Fake Numbers
In this morning's New York Times, David Leonhardt declares that “the official numbers on house prices—the last refuge of soothing information about the real estate market on the coasts—are deeply misleading.” The reality, says Leonhardt, is much worse that the official stats show.That's bad news for the consumer, particularly for the homeowner who has purchased any time since the big real estate run up that started in about 2000.
But it also raises an interesting question for scholars who make data an integral part of their work: how could the numbers be off? Leonhardt focuses on two factors. 1) The sales data reflect only the prices for houses that sold, not for the many, many more houses that are sitting on the market unsold. 2) The data are not for all houses, but only for a subset of the market.
These are not small differences. Officially, Boston prices are up about 1%. Leonhardt says that local experts report that the number is down 20%. The official Boston index, however, excludes all mortgages larger than $417,000. The last point knocked me over. If the drop (or rise) is not uniform across different price levels, then the data have been off all along.
The first problem (sales data reflect only prices for houses that sold) should straighten itself out over time because the big, unsold inventory will begin to push those prices down. Of course, so long as the inventory is big, there is more downward price pressure coming up.
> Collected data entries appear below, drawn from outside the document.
(* As for nearest points: near-optimal centers form a Cauchy sequence by the
   parallelogram law. *)
Lemma asymp_center_exists : infinite S -> (exists w r, asymp_radius_le S w r) ->
  exists c r, is_asymp_center S c r.
Proof.
  intros hi [w0 [r0 h0]].
  destruct (Rinf_approx (fun r => exists w, asymp_radius_le S w r))
    as [rho [hrho [hmin happ]]].
  { exists r0, w0; exact h0. }
  { intros r [w h]; exact (asymp_radius_le_ge0 w r hi h). }
  set (ws := fun k : nat => epsilon (inhabits w0)
                 (fun w => asymp_radius_le S w (rho + / (INR k + 1)))).
  assert (hws : forall k, asymp_radius_le S (ws k) (rho + / (INR k + 1))).
  { intro k; apply epsilon_spec.
    destruct (happ _ (RinvN_pos k)) as [r [[w hw] hr]].
    exists w; apply (asymp_radius_le_weaken w r); [exact hw | lra]. }
  destruct (complete_nsq_of_bound ws) as [c hc].
  { intros k j.
    assert (h := hmin _ (ex_intro (fun w => asymp_radius_le S w _) _
                           (asymp_radius_le_midpoint _ _ _ _ (hws k) (hws j)))).
    lra. }
  exists c, rho; split.
  - exact (asymp_radius_le_limit ws c rho hrho hws hc).
  - intros w r h; apply hmin; exists w; exact h.
Qed.

Lemma asymp_center_unique c w r :
  is_asymp_center S c r -> asymp_radius_le S w r -> w = c.
Proof.
  intros [hc hmin] hw.
  pose proof (hmin _ _ (asymp_radius_le_midpoint _ _ _ _ hw hc)).
  apply nsq_sub_le0; lra.
Qed.

Lemma asymp_radius_le_proj (C : X -> Prop) w r :
  is_convex C -> nonempty C -> is_closed C -> (forall n, S n -> C (s n)) ->
  asymp_radius_le S w r -> asymp_radius_le S (proj C w) r.
Proof.
  intros hconv hne hcl hC h eps he; destruct (h eps he) as [N HN].
  exists N; intros n hn hs; eapply Rle_trans; [|apply (HN n hn hs)].
  apply proj_closer; auto.
Qed.

Lemma asymp_radius_le_toward c r y eps :
  asymp_radius_le S c r -> eps > 0 -> nsq y > 0 ->
  (forall n, S n -> eps <= hinner (hsub (s n) c) y) ->
  asymp_radius_le S (hadd c (hscal (eps / nsq y) y)) (r - eps * eps / nsq y).
Proof.
  intros h he hy hS e hep; destruct (h e hep) as [N HN]; exists N; intros n hn hs.
  specialize (HN n hn hs); specialize (hS n hs).
  set (t := eps / nsq y).
  assert (ht : 0 <= t) by (apply Rlt_le, Rdiv_lt_0_compat; lra).
  replace (hsub (s n) (hadd c (hscal t y))) with (hsub (hsub (s n) c) (hscal t y)) by vec_eq.
  rewrite nsq_sub_scal.
  replace (t * t * nsq y) with (eps * eps / nsq y) by (unfold t; field; lra).
  replace (eps * eps / nsq y) with (t * eps) by (unfold t; field; lra).
  assert (t * eps <= t * hinner (hsub (s n) c) y) by (apply Rmult_le_compat_l; lra).
  lra.
Qed.

Lemma asymp_center_not_in_halfspace c r y eps :
  is_asymp_center S c r -> infinite S -> eps > 0 ->
  ~ (forall n, S n -> eps <= hinner (hsub (s n) c) y).
Proof.
  intros [hc hmin] hi he hS.
  assert (hy : nsq y > 0).
  { apply Rnot_le_lt; intro hy.
    assert (y = hzero) by (apply nsq_sub_le0; inner_expand; lra).
    destruct (hi O) as [n [_ hn]]; specialize (hS n hn); subst y; rewrite hinner_0_r in hS; lra. }
  pose proof (hmin _ _ (asymp_radius_le_toward c r y eps hc he hy hS)).
  assert (0 < eps * eps / nsq y) by (apply Rdiv_lt_0_compat; nra).
  lra.
Qed.

End AsymptoticCenter.

Lemma asymp_radius_le_perturb {X : HilbertSpace} (s t : nat -> X) S c w r :
  asymp_radius_le s S c r ->
  Un_cv (fun n => nsq (hsub (hsub (t n) w) (hsub (s n) c))) 0 ->
  asymp_radius_le t S w r.
Proof.
  intros h hd eps he.
  set (eta := eps / (2 * (Rabs r + 1))).
  assert (heta : eta > 0) by (apply Rdiv_lt_0_compat; [lra | pose proof (Rabs_pos r); lra]).
  assert (hie : / eta > 0) by (apply Rinv_0_lt_compat; lra).
  destruct (h (eps / (4 * (1 + eta)))) as [N1 H1]; [apply Rdiv_lt_0_compat; lra|].
  destruct (hd (eps / (4 * (1 + / eta)))) as [N2 H2]; [apply Rdiv_lt_0_compat; lra|].
  exists (max N1 N2); intros n hn hS.
  specialize (H1 n ltac:(lia) hS); specialize (H2 n ltac:(lia)).
  unfold Rdist in H2; rewrite Rminus_0_r, Rabs_pos_eq in H2 by apply nsq_ge0.
  replace (hsub (t n) w) with (hadd (hsub (s n) c) (hsub (hsub (t n) w) (hsub (s n) c)))
    by vec_eq.
  eapply Rle_trans; [apply nsq_add_le, heta|].
  assert (a1 : (1 + eta) * nsq (hsub (s n) c) <= (1 + eta) * (r + eps / (4 * (1 + eta))))
    by (apply Rmult_le_compat_l; lra).
  assert (a2 : (1 + / eta) * nsq (hsub (hsub (t n) w) (hsub (s n) c))
               <= (1 + / eta) * (eps / (4 * (1 + / eta))))
    by (apply Rmult_le_compat_l; lra).
  replace ((1 + eta) * (r + eps / (4 * (1 + eta)))) with (r + eta * r + eps / 4) in a1
    by (field; lra).
  replace ((1 + / eta) * (eps / (4 * (1 + / eta)))) with (eps / 4) in a2 by (field; lra).
  assert (a3 : eta * r <= eps / 2).
  { replace (eps / 2) with (eta * (Rabs r + 1))
      by (unfold eta; field; pose proof (Rabs_pos r); lra).
    pose proof (Rle_abs r); nra. }
  lra.
Qed.

(* Opial's argument, with asymptotic centers in place of weak compactness. *)
Section Opial.
Context {X : HilbertSpace} (s : nat -> X) (V : nat -> R) (E : X -> Prop).
Hypothesis hV : forall n, 0 <= V n.
Hypothesis hfejer : forall e, E e -> exists l, Un_cv (fun n => nsq (hsub (s n) e) + V n) l.
Hypothesis hcenter : forall S c r, infinite S -> is_asymp_center s S c r -> E c.
Hypothesis hE : nonempty E.

Lemma asymp_radius_bounded S : exists w r, asymp_radius_le s S w r.
Proof.
  destruct hE as [e he]; destruct (hfejer e he) as [l hl].
  destruct (maj_by_pos _ (exist _ l hl)) as [M [_ hM]].
  exists e, M; intros eps hep; exists O; intros n _ _.
  specialize (hM n); specialize (hV n); pose proof (Rle_abs (nsq (hsub (s n) e) + V n)); lra.
Qed.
But the second problem says there is a systematic kink in the data that is little known and whose impact is almost impossible to measure. That revelation sends a shiver down my spine. How many other take-it-for-granted numbers have this kind of twist?
Don't be such a pessimist. Redefining how one reports statistics is a valuable and proven method of improving the nation's economic welfare.
That's how we solved both the unemployment problem and the inflation problem. We simply changed the way we report the unemployment numbers, and now nobody complains about unemployment, even though if we reported it the old way, it would seem as bad as it was during some recessions.
And we changed the way we report inflation numbers, so that when the cost of a house triples in the space of a few years, we chant, "Horray! Prices have gone up, so that means that inflation has decreased!".
So if we simply change the method of reporting house prices to discard as outliers any houses whose prices have gone down, we can have an improved economy, rising property values, and we can all be happy.
Don't laugh. It works. No one notices.
Rising house prices decrease inflation. Rising house prices have always decreased inflation. Mmmm gin!